Made by students from the University of Pennsylvania, it can lift 40 pounds / 18.14 kilos

Dec 12, 2013 07:23 GMT  ·  By

The idea of a robotic exoskeleton that can help augment our own, natural capabilities is a constantly recurring one in fiction, so it's no surprise that there is always someone working on a real-life implementation. The latest comes from engineering students at the University of Pennsylvania.

Their project, called Titan Arm, is made for ordinary people who don't have any more strength in them than the average man.

It will let them lift things they would normally have too much trouble picking up, or holding up for extended periods. Useful for moving furniture when changing flats if nothing else.

In simple terms, it is a battery-powered arm brace attached to a backpack where the control hardware is located.

From an objective point of view, the extra weight that the Titan Arm lets you lift, 40 pounds / 18.14 kilos, isn't all that massive. A moderately fit man is capable of that and more.

Nevertheless, that is still the extra weight allowed, so your physical prowess will increase no matter how strong you already are.

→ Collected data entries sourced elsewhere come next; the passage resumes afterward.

Lemma beta_conj_diffs : exists u v : rat,
  beta g - beta (- g) = 2 * g * (ratr u + ratr v * s) /\
  beta h - beta (- h) = 2 * h * (ratr u - ratr v * s).
Proof.
have [q0 [q1 [q2 [q3 HQ]]]] := horner_quartic Q.
have sqr_h' : h ^+ 2 = A%:~R * (D%:~R + B%:~R * - s) by rewrite mulrN.
have sqr_Ns : (- s) ^+ 2 = D%:~R by rewrite sqrrN.
exists q2, q3; rewrite /beta (HQ s g) // (HQ s (- g)) ?sqrrN // (HQ (- s) h) //.
by rewrite (HQ (- s) (- h)) ?sqrrN //; split; ring.
Qed.

Lemma mahler_beta_ge (p : {poly int}) :
  beta g \in Aint -> zcontents p = 1 -> root (map_poly intr p) (beta g) ->
  A%:~R * s / 16 <= mahler (map_poly intr p).
Proof.
move=> beta_Aint p_prim p_root.
have [u [v [xE yE]]] := beta_conj_diffs.
have [g_conj Ng_conj h_conj Nh_conj] := mem_quartic_conjs.
have [x_Aint y_Aint] : beta g - beta (- g) \in Aint /\ beta h - beta (- h) \in Aint.
  by split; apply: rpredB; apply: Aint_beta_conjs.
have xy_neq0 : (beta g - beta (- g)) * (beta h - beta (- h)) != 0.
  have := beta_conjs_uniq; rewrite /= !inE !negb_or.
  by case/and4P => /and3P[bg_neq _ _] _ bh_neq _; rewrite mulf_neq0 ?subr_eq0.
have [m [n [mE nE]]] := conj_pair_int xE yE x_Aint y_Aint.
have lower := conj_pair_norm_ge x_Aint y_Aint xy_neq0 mE nE.
have upper := normM_diffs_le_mahler_factor (beta g) (beta (- g)) (beta h) (beta (- h)).
have p_neq0 : p != 0 by apply/eqP => p0; move: p_prim; rewrite p0 zcontents0.
have p_roots : all (root (map_poly intr p)) (map beta quartic_conjs).
  apply/allP => z /mapP[t t_conj ->]; rewrite map_poly_intr_ratr.
  by apply: root_beta_conjs; rewrite // -map_poly_intr_ratr.
have := mahler_intr_ge_prod_roots p_neq0 beta_conjs_uniq p_roots.
rewrite /= !big_cons big_nil mulr1 !mulrA; apply: le_trans.
rewrite -(ler_pM2l (_ : 0 < 4)) ?ltr0n //; apply: le_trans (le_trans lower upper).
by rewrite (_ : 4 * (A%:~R * s / 16) = A%:~R * s / 4) //; field.
Qed.

End Generator.

End CyclicQuartic.

Lemma sqrtC_conj_mul (A B C D : int) (s : algC) :
  0 <= A -> 0 <= B -> 0 <= C -> D = B ^+ 2 + C ^+ 2 -> s = sqrtC D%:~R ->
  sqrtC (A%:~R * (D%:~R + B%:~R * s)) * sqrtC (A%:~R * (D%:~R - B%:~R * s))
  = A%:~R * C%:~R * s.
Proof.
move=> A_ge0 B_ge0 C_ge0 DE sE.
have D_ge0 : 0 <= D by rewrite DE addr_ge0 ?sqr_ge0.
have s_ge0 : 0 <= s by rewrite sE sqrtC_ge0 ler0z.
have sqr_s : s ^+ 2 = D%:~R by rewrite sE sqrtCK.
have B_le_s : B%:~R <= s.
  rewrite -(ler_pXn2r (_ : 0 < 2)%N) ?nnegrE ?ler0z // sqr_s -rmorphXn ler_int DE.
  by rewrite lerDl sqr_ge0.
have DBsE : D%:~R - B%:~R * s = s * (s - B%:~R) by rewrite -sqr_s; ring.
rewrite -sqrtCM ?nnegrE; last 2 first.
- by rewrite mulr_ge0 ?addr_ge0 ?mulr_ge0 ?ler0z.
- by rewrite DBsE !mulr_ge0 ?subr_ge0 ?ler0z.
rewrite -[RHS]sqrCK ?mulr_ge0 ?ler0z //; congr sqrtC.
transitivity (A%:~R ^+ 2 * (D%:~R ^+ 2 - B%:~R ^+ 2 * s ^+ 2)); first by ring.
by rewrite !exprMn sqr_s DE rmorphD !rmorphXn; ring.
Qed.

Theorem proposition5p1 (A B C D : int) :
  0 < A -> odd `|A|%N -> squarefreez A ->
  0 < B -> 0 < C -> D = B ^+ 2 + C ^+ 2 -> squarefreez D ->
  coprimez A D ->
  forall beta : algC, OK_generator (cycq_gen A B D) beta ->
    mahler_alg_ge ((A%:~R * sqrtC D%:~R) / 48%:R) beta.
Proof.
move=> A_gt0 oddA sqfA B_gt0 C_gt0 DE sqfD coAD beta [beta_Aint [Q betaE] [Q' gE]].
move=> p [p_prim p_root _].
set s := sqrtC D%:~R; set h := sqrtC (A%:~R * (D%:~R - B%:~R * s)).
have s_ge0 : 0 <= s by rewrite sqrtC_ge0 ler0z DE addr_ge0 ?sqr_ge0.
have D_neq1 : D != 1.
  by rewrite DE gt_eqF // -[1]addr0 ler_ltD ?exprn_gt0 // -gtz0_ge1 exprn_gt0.
have D_not_sqr := squarefreez_not_rat_sqr sqfD D_neq1.
have mul_gh : cycq_gen A B D * h = A%:~R * C%:~R * s.
  exact: sqrtC_conj_mul (ltW A_gt0) (ltW B_gt0) (ltW C_gt0) DE erefl.
have Q'_beta : (map_poly ratr Q').[(map_poly ratr Q).[cycq_gen A B D]] = cycq_gen A B D.
  by rewrite -betaE -gE.
rewrite betaE in beta_Aint p_root.
(* The argument gives the constant 1/16; the claimed 1/48 follows. *)
have := mahler_beta_ge D_not_sqr DE A_gt0 (lt0r_neq0 B_gt0) (lt0r_neq0 C_gt0)
  (sqrtCK _) (sqrtCK _) (sqrtCK _) mul_gh oddA sqfA sqfD coAD s_ge0 Q'_beta beta_Aint p_prim p_root.
apply: le_trans; apply: ler_wpM2l; first by rewrite mulr_ge0 // ler0z ltW.
by rewrite lef_pV2 ?posrE ?ltr0n // ler_nat.
Qed.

Besides, it's not like a single arm would be able to let you lift mountains even if it did have the necessary strength, because the rest of your skeleton and muscle structure wouldn't withstand it.

What's more, the students were inspired by "wearable robots" that allow disabled people full or partial mobility again.

"When we started talking to physical therapists and prospective users, or people who have gone through these types of injuries, we just kept on getting more and more motivated," said team member Nick Parrotta, now in graduate school at the university.

Maybe the engineering students will move on to a full exoskeleton though, seeing as how the Titan Arm earned them $75,000 / €54,380 in prize money.

"They built something that people can relate to," said Robert Carpick, chairman of Penn's mechanical engineering department.

"And of course it appeals clearly to what we've all seen in so many science-fiction movies of superhuman strength being endowed by an exoskeleton."